(Stored items)
══════
Lemma cluster_gt0_scheduled_infinitely_often n : 0 < alpha n ->
  forall T, exists2 t, (T <= t)%N & sched t = n.
Proof.
move=> alpha_gt0 T.
have [//|never] := pselect (exists2 t, (T <= t)%N & sched t = n).
have unsched s : (T <= s)%N -> sched s != n.
  by move=> Ts; apply/eqP => sn; apply: never; exists s.
have count_le t : sched_count t n <= T%:R.
  rewrite -[T%:R]mulr1.
  apply: (partial_sum_le_head (fun s => (sched s == n)%:R)) => //.
    by move=> s; case: (sched s == n).
  by move=> s Ts; rewrite (negbTE (unsched s Ts)).
have a2 : 0 < alpha n / 2 by lra.
have [T1 t_large] := natr_eventually_gt (2 * T%:R / alpha n).
have [t Tt at_e] := alpha_cluster _ a2 (maxn T1 1).
have t_gt0 : 0 < t%:R :> R by rewrite ltr0n; lia.
have : sched_freq t n <= T%:R / t%:R by rewrite ler_wpM2r.
have : T%:R / t%:R < alpha n / 2.
  by have := t_large t ltac:(lia); rewrite !ltr_pdivrMr //; nra.
by move: (at_e n); rewrite ltr_norml => /andP[_ ?]; lra.
Qed.

End ClusterPoint.

End MaxWeight.

Theorem lemma8 (R : realType) (Q N : nat)
  (S : 'I_N -> 'I_Q -> R) (delta : 'I_Q -> R)
  (A X : nat -> 'I_Q -> R) (sched : nat -> 'I_N)
  (rho eta : 'I_Q -> R) :
  (forall n q, 0 <= S n q) ->
  (forall q, 0 < delta q) ->
  (exists Abar : 'I_Q -> R, forall t q, 0 <= A t q <= Abar q) ->
  (forall q, 0 < rho q) ->
  (forall q, (fun t : nat => (\sum_(s < t) A s q) / t%:R) @ \oo --> rho q) ->
  maxweight_dynamics S delta A X sched ->
  ~ in_stab_region S rho ->
  (forall q, (fun t : nat => X t q / t%:R) @ \oo --> eta q) ->
  exists alpha : 'I_N -> R,
    (forall n, 0 <= alpha n) /\ \sum_(n < N) alpha n = 1 /\
    (forall q, eta q = Num.max 0 (rho q - \sum_(n < N) alpha n * S n q)) /\
    (forall n, 0 < alpha n -> in_cone S delta n eta).
Proof.
move=> S_ge0 _ [Abar A_bound] _ A_cvg [X0 [X_rec maxweight]] _ X_cvg.
have A_ge0 t q : 0 <= A t q by case/andP: (A_bound t q).
have [alpha cluster] := exists_freq_cluster R N sched.
exists alpha; split; [|split; [|split]].
- exact: (@cluster_ge0 R N sched alpha cluster).
- exact: (@cluster_sum1 R N sched alpha cluster).
- by apply: eta_eq_pos_part.
- move=> n alpha_gt0.
  apply: (@in_cone_of_scheduled_infinitely_often R Q N S delta X sched eta)
    => //.
  exact: (@cluster_gt0_scheduled_infinitely_often R N sched alpha cluster n).
Qed.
══════
Instructions for the task >>
All that belongs in the answer is the run of lines above from the line containing "(S : 'I_N -> 'I_Q -> R) (delta : 'I_Q -> R)" through the line containing "(forall q, (fun t : nat => X", exactly as written.

Solution to the problem >>
  (S : 'I_N -> 'I_Q -> R) (delta : 'I_Q -> R)
  (A X : nat -> 'I_Q -> R) (sched : nat -> 'I_N)
  (rho eta : 'I_Q -> R) :
  (forall n q, 0 <= S n q) ->
  (forall q, 0 < delta q) ->
  (exists Abar : 'I_Q -> R, forall t q, 0 <= A t q <= Abar q) ->
  (forall q, 0 < rho q) ->
  (forall q, (fun t : nat => (\sum_(s < t) A s q) / t%:R) @ \oo --> rho q) ->
  maxweight_dynamics S delta A X sched ->
  ~ in_stab_region S rho ->
  (forall q, (fun t : nat => X t q / t%:R) @ \oo --> eta q) ->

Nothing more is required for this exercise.